Re: Nagios Log Server listening port abruptly halts v2
Posted: Fri May 12, 2017 3:52 am
by james.liew
mcapra wrote:Here's something that sticks out:
Code: Select all
{:timestamp=>"2017-05-11T02:26:06.903000+0200", :message=>"Got error to send bulk of actions: None of the configured nodes are available: []", :level=>:error}
{:timestamp=>"2017-05-11T02:26:06.922000+0200", :message=>"Failed to flush outgoing items", :outgoing_count=>9, :exception=>org.elasticsearch.client.transport.NoNodeAvailableException: None of the configured nodes are available etc etc ... }
Can you also share the Elasticsearch logs from this machine? Or all machines if there are multiple instances.
Already shared both elasticsearch and logstash logs above.
I will include our 2nd node in this post.
Re: Nagios Log Server listening port abruptly halts v2
Posted: Fri May 12, 2017 3:57 am
by james.liew
cdienger wrote:We're also seeing more memory related issues when it appears ES is trying to do a merge:
java.lang.OutOfMemoryError: unable to create new native thread
at java.lang.Thread.start0(Native Method)
at java.lang.Thread.start(Thread.java:714)
at org.apache.lucene.index.ConcurrentMergeScheduler.merge(ConcurrentMergeScheduler.java:391)
at org.elasticsearch.index.merge.EnableMergeScheduler.merge(EnableMergeScheduler.java:50)
at org.apache.lucene.index.IndexWriter.maybeMerge(IndexWriter.java:1985)
at org.apache.lucene.index.IndexWriter.maybeMerge(IndexWriter.java:1979)
at org.elasticsearch.index.engine.InternalEngine.maybeMerge(InternalEngine.java:793)
at org.elasticsearch.index.shard.IndexShard$EngineMerger$1.run(IndexShard.java:1237)

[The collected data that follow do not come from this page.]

Lemma has_prim_root_finField (F : finFieldType) :
  exists g : F, #|F|.-1.-primitive_root g.
Proof.
have n_gt0 : (0 < #|F|.-1)%N by rewrite -subn1 subn_gt0 finNzRing_gt1.
have unity : all #|F|.-1.-unity_root (enum (predC1 (0 : F))).
  by apply/allP=> x; rewrite mem_enum unity_rootE => /expf_card_pred ->.
have /hasP[g _ prim_g] : has #|F|.-1.-primitive_root (enum (predC1 (0 : F))).
  by apply: has_prim_root n_gt0 unity (enum_uniq _) _; rewrite -cardE cardC1.
by exists g.
Qed.

Lemma vanishing_sum_expr_coef (F : finFieldType) (I : finType) (C : I -> F)
    (e : I -> nat) :
  injective (fun i => e i %% #|F|.-1)%N ->
  (forall x : F, x != 0 -> \sum_i C i * x ^+ e i = 0) -> forall i, C i = 0.
Proof.
move=> e_inj vanish i0; set d := fun i => (e i %% #|F|.-1)%N.
pose p : {poly F} := \sum_i C i *: 'X^(d i).
have p0 : p = 0.
  apply: (@roots_geq_poly_eq0 _ _ (enum (predC1 0))); last first.
  - rewrite -cardE cardC1 /p.
    apply: (big_ind (fun r : {poly F} => size r <= #|F|.-1)%N).
    + by rewrite size_poly0.
    + by move=> r1 r2 le1 le2; rewrite (leq_trans (size_polyD _ _)) // geq_max le1.
    + move=> i _; rewrite (leq_trans (size_scale_leq _ _)) // size_polyXn ltn_pmod //.
      by rewrite -subn1 subn_gt0 finNzRing_gt1.
  - exact: enum_uniq.
  apply/allP=> x; rewrite mem_enum /= => x0; rewrite /root horner_sum.
  apply/eqP; rewrite -[RHS](vanish x x0); apply: eq_bigr => i _.
  by rewrite hornerZ hornerXn /d expr_mod // expf_card_pred.
have := congr1 (fun r : {poly F} => r`_(d i0)) p0.
rewrite coef0 /p coef_sum (bigD1 i0) //= coefZ coefXn eqxx mulr1 big1 ?addr0 //.
by move=> i ne_i_i0; rewrite coefZ coefXn (inj_eq e_inj) eq_sym (negPf ne_i_i0) mulr0.
Qed.

Lemma imset_nzP (F : finFieldType) (T : finType) (f : F -> T) v :
  reflect (exists2 x, x != 0 & v = f x) (v \in [set f x | x : F & x != 0]).
Proof.
apply: (iffP imsetP) => [[x]|[x x0 ->]]; last by exists x; rewrite ?inE.
by rewrite inE => x0 ->; exists x.
Qed.

Section ProjectiveCoordinates.
Context {F : finFieldType}.
Implicit Types (k x y z : F) (u v : vec F).

Definition vscale k v : vec F := let: (x, y, z) := v in (k * x, k * y, k * z).

Lemma vscaleA k1 k2 v : vscale k1 (vscale k2 v) = vscale (k1 * k2) v.
Proof. by case: v => [[x y] z] /=; rewrite !mulrA. Qed.

Lemma vscale1 v : vscale 1 v = v.
Proof. by case: v => [[x y] z] /=; rewrite !mul1r. Qed.

Lemma pnorm_x x y z : x != 0 -> pnorm F (x, y, z) = (1, y / x, z / x).
Proof. by move=> x0; rewrite /pnorm x0. Qed.

Lemma pnorm_0y y z : y != 0 -> pnorm F (0, y, z) = (0, 1, z / y).
Proof. by move=> y0; rewrite /pnorm eqxx y0. Qed.

Lemma pnorm_00z z : z != 0 -> pnorm F (0, 0, z) = (0, 0, 1).
Proof. by move=> z0; rewrite /pnorm eqxx z0. Qed.

Lemma pnorm000 : pnorm F (0, 0, 0) = (0, 0, 0).
Proof. by rewrite /pnorm eqxx. Qed.

Lemma pnorm_1 y z : pnorm F (1, y, z) = (1, y, z).
Proof. by rewrite pnorm_x ?oner_eq0 // !divr1. Qed.

Lemma pnorm_01 z : pnorm F (0, 1, z) = (0, 1, z).
Proof. by rewrite pnorm_0y ?oner_eq0 // divr1. Qed.

Lemma pnorm_scale k v : k != 0 -> pnorm F (vscale k v) = pnorm F v.
Proof.
case: v => [[x y] z] k0; rewrite /vscale.
have [-> | x0] := eqVneq x 0; last first.
  by rewrite !pnorm_x ?mulf_neq0 //; congr (_, _, _); field; rewrite x0 k0.
have [-> | y0] := eqVneq y 0; last first.
  by rewrite mulr0 !pnorm_0y ?mulf_neq0 //; congr (_, _, _); field; rewrite y0 k0.
have [-> | z0] := eqVneq z 0; first by rewrite !mulr0.
by rewrite !mulr0 !pnorm_00z ?mulf_neq0.
Qed.

Lemma pnorm_multiple v : exists2 k, k != 0 & pnorm F v = vscale k v.
Proof.
case: v => [[x y] z].
have [-> | x0] := eqVneq x 0; last first.
  by exists x^-1; rewrite ?invr_eq0 // pnorm_x // /vscale mulVf // !(mulrC x^-1).
have [-> | y0] := eqVneq y 0; last first.
  by exists y^-1; rewrite ?invr_eq0 // pnorm_0y // /vscale mulr0 mulVf // mulrC.
have [-> | z0] := eqVneq z 0; first by exists 1; rewrite ?oner_eq0 // pnorm000 vscale1.
by exists z^-1; rewrite ?invr_eq0 // pnorm_00z // /vscale mulr0 mulVf.
Qed.

Lemma eq_pnorm u v : pnorm F u = pnorm F v -> exists2 k, k != 0 & u = vscale k v.
Proof.
have [k k0 ->] := pnorm_multiple u; have [j j0 ->] := pnorm_multiple v => kj.
exists (k^-1 * j); first by rewrite mulf_neq0 ?invr_eq0.
by rewrite -vscaleA -kj vscaleA mulVf // vscale1.
Qed.

Lemma pnorm_id v : pnorm F (pnorm F v) = pnorm F v.
Proof. by have [k k0 kv] := pnorm_multiple v; rewrite {1}kv pnorm_scale. Qed.

Lemma pnorm_point P : is_point F P -> pnorm F P = P.
Proof. by case/andP=> _ /eqP. Qed.

Lemma pnorm_eq0 v : (pnorm F v == (0, 0, 0)) = (v == (0, 0, 0)).
Proof.
have [k k0 ->] := pnorm_multiple v; case: v => [[x y] z].
by rewrite /vscale !xpair_eqE !mulf_eq0 (negPf k0).
Qed.

Lemma is_point_pnorm v : v != (0, 0, 0) -> is_point F (pnorm F v).
Proof. by move=> v0; rewrite /is_point pnorm_eq0 v0 pnorm_id eqxx. Qed.

Lemma cross_scalel k u v : cross F (vscale k u) v = vscale k (cross F u v).
Proof. by case: u v => [[a1 a2] a3] [[b1 b2] b3] /=; congr (_, _, _); ring. Qed.

Lemma cross_scaler k u v : cross F u (vscale k v) = vscale k (cross F u v).
Proof. by case: u v => [[a1 a2] a3] [[b1 b2] b3] /=; congr (_, _, _); ring. Qed.

End ProjectiveCoordinates.

Arguments pnorm : simpl never.
Arguments cross : simpl never.
Arguments vscale : simpl never.

Section ProjectionVertices.
Context {F : finFieldType} {q : nat}.
Hypothesis cardF : #|F| = (q ^ 3)%N.
Hypothesis exprqD : forall x y : F, (x + y) ^+ q = x ^+ q + y ^+ q.

(** * Frobenius map and norm *)

(* Locked, so that [ring] and [field] see [frob x] as an atom rather than as a
   power with a symbolic exponent. *)
Fact frob_key : unit. Proof. by []. Qed.
Definition frob : F -> F := locked_with frob_key (fun x => x ^+ q).
Lemma frobE x : frob x = x ^+ q. Proof. by rewrite /frob unlock. Qed.
Local Notation N := (normF F q).

Lemma q_gt1 : (1 < q)%N.
Proof. by have := finNzRing_gt1 F; rewrite cardF; case: q => [|[|]]. Qed.

Lemma frobD x y : frob (x + y) = frob x + frob y.
Proof. by rewrite !frobE exprqD. Qed.
Lemma frobM x y : frob (x * y) = frob x * frob y.
Proof. by rewrite !frobE exprMn. Qed.
Lemma frob0 : frob 0 = 0. Proof. by rewrite !frobE expr0n; case: q q_gt1. Qed.
Lemma frob1 : frob 1 = 1. Proof. by rewrite !frobE expr1n. Qed.
Lemma frobN x : frob (- x) = - frob x.
Proof. by apply/eqP; rewrite -addr_eq0 -frobD addNr frob0. Qed.
Lemma frobB x y : frob (x - y) = frob x - frob y. Proof. by rewrite frobD frobN. Qed.
Lemma frobV x : frob x^-1 = (frob x)^-1. Proof. by rewrite !frobE exprVn. Qed.
Lemma frob_eq0 x : (frob x == 0) = (x == 0).
Proof. by rewrite !frobE expf_eq0; case: q q_gt1. Qed.

Lemma frobK3 x : frob (frob (frob x)) = x.
Proof.
by rewrite !frobE -!exprM -[X in _ = X]expf_card cardF !expnS expn0 muln1 mulnA.
Qed.

Lemma expr_q2 x : x ^+ (q ^ 2) = frob (frob x).
Proof. by rewrite !frobE -exprM mulnn. Qed.

Lemma normFE x : N x = x * frob x * frob (frob x).
Proof. rewrite /normF !exprD expr1 expr_q2 -frobE; ring. Qed.

Lemma normFM x y : N (x * y) = N x * N y. Proof. exact: exprMn. Qed.
Lemma normFV x : N x^-1 = (N x)^-1. Proof. exact: exprVn. Qed.
Lemma normF1 : N 1 = 1. Proof. exact: expr1n. Qed.
Lemma normF_eq0 x : (N x == 0) = (x == 0). Proof. by rewrite /normF expf_eq0 addn1. Qed.
Lemma normF0 : N 0 = 0. Proof. by apply/eqP; rewrite normF_eq0. Qed.
Lemma normF_frob x : N (frob x) = N x.
Proof. rewrite !normFE frobK3; ring. Qed.
Lemma frob_normF x : frob (N x) = N x.
Proof. rewrite normFE !frobM frobK3; ring. Qed.
Lemma normFN1 : N (-1) = -1.
Proof. rewrite normFE !frobN !frob1; ring. Qed.
Lemma normFN x : N (- x) = - N x.
Proof. by rewrite -mulN1r normFM normFN1 mulN1r. Qed.

Local Notation K := (q ^ 2 + q + 1)%N.

Lemma predq3E : (q ^ 3).-1 = ((q - 1) * K)%N.
Proof. rewrite !expnS expn0 !muln1; have := q_gt1; nia. Qed.

Lemma K_gt0 : (0 < K)%N. Proof. by rewrite addn1. Qed.

(** * Hilbert 90 and norm classes *)

Lemma normF_eq1_powers g : (q ^ 3).-1.-primitive_root g ->
  [set v : F | N v == 1] = [set g ^+ (j * (q - 1)) | j : 'I_K].
Proof.
move=> prim_g; apply/setP=> v; rewrite inE; apply/eqP/imsetP => [Nv1|[j _ ->]].
  have v0 : v != 0 by rewrite -normF_eq0 Nv1 oner_neq0.
  have vM : v ^+ (q ^ 3).-1 = 1 by rewrite -cardF expf_card_pred.
  have [[i lt_i_M] /= vE] := prim_rootP prim_g vM.
  have : g ^+ (i * K) == g ^+ 0 by rewrite expr0 exprM -vE -Nv1 /normF.
  rewrite (eq_prim_root_expr prim_g) mod0n -/(dvdn _ _) predq3E dvdn_pmul2r ?K_gt0 //.
  case/dvdnP=> j iE.
  have lt_j_K : (j < K)%N.
    by rewrite -(ltn_pmul2r (_ : 0 < q - 1)%N) -?iE 1?mulnC -?predq3E //; have := q_gt1; lia.
  by exists (Ordinal lt_j_K); rewrite // vE iE.
by rewrite /normF -exprM -mulnA mulnC -predq3E exprM (prim_expr_order prim_g) expr1n.
Qed.

Lemma hilbert90 v : N v = 1 -> exists2 w, w != 0 & v = frob w / w.
Proof.
have [g prim_g] := has_prim_root_finField F; rewrite cardF in prim_g.
have g0 : g != 0.
  by rewrite (prim_root_eq0 prim_g) predq3E muln_eq0 negb_or -!lt0n K_gt0 subn_gt0 q_gt1.
have gj0 j : g ^+ j != 0 by rewrite expf_neq0.
move=> /eqP Nv1; have : v \in [set v | N v == 1] by rewrite inE.
rewrite (normF_eq1_powers _ prim_g) => /imsetP[j _ ->].
exists (g ^+ j) => //; apply: (canRL (mulfK (gj0 j))).
by rewrite !frobE -exprM -exprD mulnBr muln1 subnK // leq_pmulr // ltnW ?q_gt1.
Qed.

Lemma hilbert90_frob2 v : N v = 1 -> exists2 w, w != 0 & v = frob (frob w) / w.
Proof.
move=> /hilbert90[u u0 ->]; exists (frob u)^-1; first by rewrite invr_eq0 frob_eq0.
by rewrite !frobV frobK3 invrK mulrC.
Qed.

Lemma card_normF_eq1 : #|[set v : F | N v == 1]| = K.
Proof.
have [g prim_g] := has_prim_root_finField F; rewrite cardF in prim_g.
rewrite (normF_eq1_powers _ prim_g) card_imset ?card_ord // => i j /eqP.
have ltM (k : 'I_K) : (k * (q - 1) < (q ^ 3).-1)%N.
  by rewrite predq3E mulnC ltn_pmul2l ?subn_gt0 ?q_gt1.
rewrite (eq_prim_root_expr prim_g) !modn_small ?ltM // eqn_pmul2r ?subn_gt0 ?q_gt1 //.
by move/eqP/val_inj.
Qed.

Lemma card_normF_eq {th} : th != 0 -> #|[set a : F | N a == N th]| = K.
Proof.
move=> th0; rewrite -card_normF_eq1 -(card_imset [set v | N v == 1] (mulIf th0)).
apply: eq_card => a; rewrite inE; apply/eqP/imsetP => [Na|[v]].
  by exists (a / th); rewrite ?divfK // inE normFM normFV Na divff ?normF_eq0.
by rewrite inE => /eqP Nv1 ->; rewrite normFM Nv1 mul1r.
Qed.

(** * The norm identity *)

(* The exponents (i, j, k) of the monomials x^i (x^q)^j (x^(q^2))^k occurring in
   N(x - a x^(q^2)) and N(x^q - b x^(q^2)). *)
Definition norm_monomial (m : 'I_7) : nat * nat * nat :=
  nth (0, 0, 0)%N [:: (1, 1, 1); (2, 0, 1); (0, 1, 2); (1, 0, 2);
                      (1, 2, 0); (2, 1, 0); (0, 2, 1)]%N m.

Definition norm_exp (m : 'I_7) : nat :=
  let: (i, j, k) := norm_monomial m in (i + j * q + k * q ^ 2)%N.

Lemma expr_norm_exp x m : x ^+ norm_exp m =
  let: (i, j, k) := norm_monomial m in x ^+ i * frob x ^+ j * frob (frob x) ^+ k.
Proof.
rewrite /norm_exp; case: (norm_monomial m) => [[i j] k].
by rewrite !exprD mulnC exprM [(k * _)%N]mulnC exprM expr_q2 -frobE.
Qed.

Lemma norm_exp_inj : injective (fun m => norm_exp m %% (q ^ 3).-1)%N.
Proof.
move=> [m lt_m7] [n lt_n7]; rewrite /norm_exp /= => mn; apply: val_inj => /=.
(* For q > 2 all exponents are below q^3 - 1; for q = 2 the exponent 7 of
   (1, 1, 1) wraps around to 0. *)
have [q2|q_ne2] := eqVneq q 2%N.
  move: mn; rewrite q2.
  by case: m lt_m7 => [|[|[|[|[|[|[|]]]]]]] //; case: n lt_n7 => [|[|[|[|[|[|[|]]]]]]].
have q_gt2 : (2 < q)%N by rewrite ltn_neqAle eq_sym q_ne2 q_gt1.
move: mn; rewrite !modn_small ?predq3E;
  case: m lt_m7 => [|[|[|[|[|[|[|]]]]]]] //; case: n lt_n7 => [|[|[|[|[|[|[|]]]]]]] //= *;
  nia.
Qed.

Definition twist a x := x - a * frob (frob x).

Lemma twistB a x y : twist a (x - y) = twist a x - twist a y.
Proof. rewrite /twist !frobB; ring. Qed.

Lemma twist_eq0 a x : N a != 1 -> (twist a x == 0) = (x == 0).
Proof.
move=> Na1; apply/idP/idP => [|/eqP->]; last by rewrite /twist !frob0 mulr0 subr0.
rewrite subr_eq0; apply: contraLR => x0; apply: contra Na1 => /eqP xE.
have x_Na : N x * N a = N x * 1 by rewrite mulr1 {2}xE normFM !normF_frob mulrC.
by apply/eqP/(mulfI _ x_Na); rewrite normF_eq0.
Qed.

Lemma twist_bij a : N a != 1 -> bijective (twist a).
Proof.
move=> Na1; apply: injF_bij => x y /eqP; rewrite -subr_eq0 -twistB twist_eq0 //.
by rewrite subr_eq0 => /eqP.
Qed.

Lemma norm_identity_coef a b c :
  (forall x, x != 0 -> N (twist a x) = c * N (frob x - b * frob (frob x))) ->
  [/\ 1 - N a = c * (1 - N b), c * b = - (a * frob a)
    & c * frob b * frob (frob b) = - frob (frob a)].
Proof.
move=> normE; pose sa := frob a; pose sb := frob b.
(* The coefficients of the monomials, in the order of [norm_monomial]. *)
pose C (m : 'I_7) : F := nth 0
  [:: (1 - a * sa * frob sa) - c * (1 - b * sb * frob sb); - sa - c * b * sb;
      - a - c * b * frob sb; a * sa + c * b; - frob sa - c * sb * frob sb;
      sa * frob sa + c * sb; a * frob sa + c * frob sb] m.
have coef0 : forall m, C m = 0.
  apply: vanishing_sum_expr_coef; first by rewrite cardF; exact: norm_exp_inj.
  move=> x x0; have := normE x x0; rewrite /twist !normFE !frobB !frobM !frobK3.
  rewrite !big_ord_recl big_ord0 !expr_norm_exp /C /sa /sb /= => /eqP.
  by rewrite -subr_eq0 => /eqP E; rewrite -[RHS]E; ring.
have := coef0 (@Ordinal 7 0 isT); have := coef0 (@Ordinal 7 3 isT).
have := coef0 (@Ordinal 7 4 isT); rewrite /C /sa /sb /= !normFE => C4 C3 C0.
split; apply/eqP.
- by rewrite -subr_eq0 -[X in _ == X]C0; apply/eqP; ring.
- by rewrite -addr_eq0 addrC C3.
- by rewrite -addr_eq0 -oppr_eq0 opprD addrC C4.
Qed.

at java.util.concurrent.ThreadPoolExecutor.runWorker(ThreadPoolExecutor.java:1145)
at java.util.concurrent.ThreadPoolExecutor$Worker.run(ThreadPoolExecutor.java:615)
Check the size of the primary indices by running:
curl -XGET http://localhost:9200/_cat/indices?v
and looking at the pri.store.size column. Merging large indices may be too taxing for the system and you can try disabling optimization under Administration > System > Backup & Maintenance, by setting "Optimize Indexes older than" to 0.
I took a screencap as attached. Not of everything but what I could get from the top.
Re: Nagios Log Server listening port abruptly halts v2
Posted: Fri May 12, 2017 2:00 pm
by mcapra
Have you given this a shot?
cdienger wrote:Merging large indices may be too taxing for the system and you can try disabling optimization under Administration > System > Backup & Maintenance, by setting "Optimize Indexes older than" to 0.
Given that the last crash occurred during an optimization of indices, I think disabling this might be helpful. If you disable that job and the system is still unstable, could you provide fresh Elasticsearch logs?
Re: Nagios Log Server listening port abruptly halts v2
Posted: Sun May 14, 2017 8:33 pm
by james.liew
Is it okay to do without the indice optimization?
Re: Nagios Log Server listening port abruptly halts v2
Posted: Mon May 15, 2017 2:00 pm
by cdienger
The benefit of optimization from what I've gathered is mainly reducing the amount of time needed during restarts and has little impact on search performance. It is okay to disable it.
Re: Nagios Log Server listening port abruptly halts v2
Posted: Fri May 19, 2017 3:19 am
by james.liew
Changed it 3 days ago, still monitoring as of now.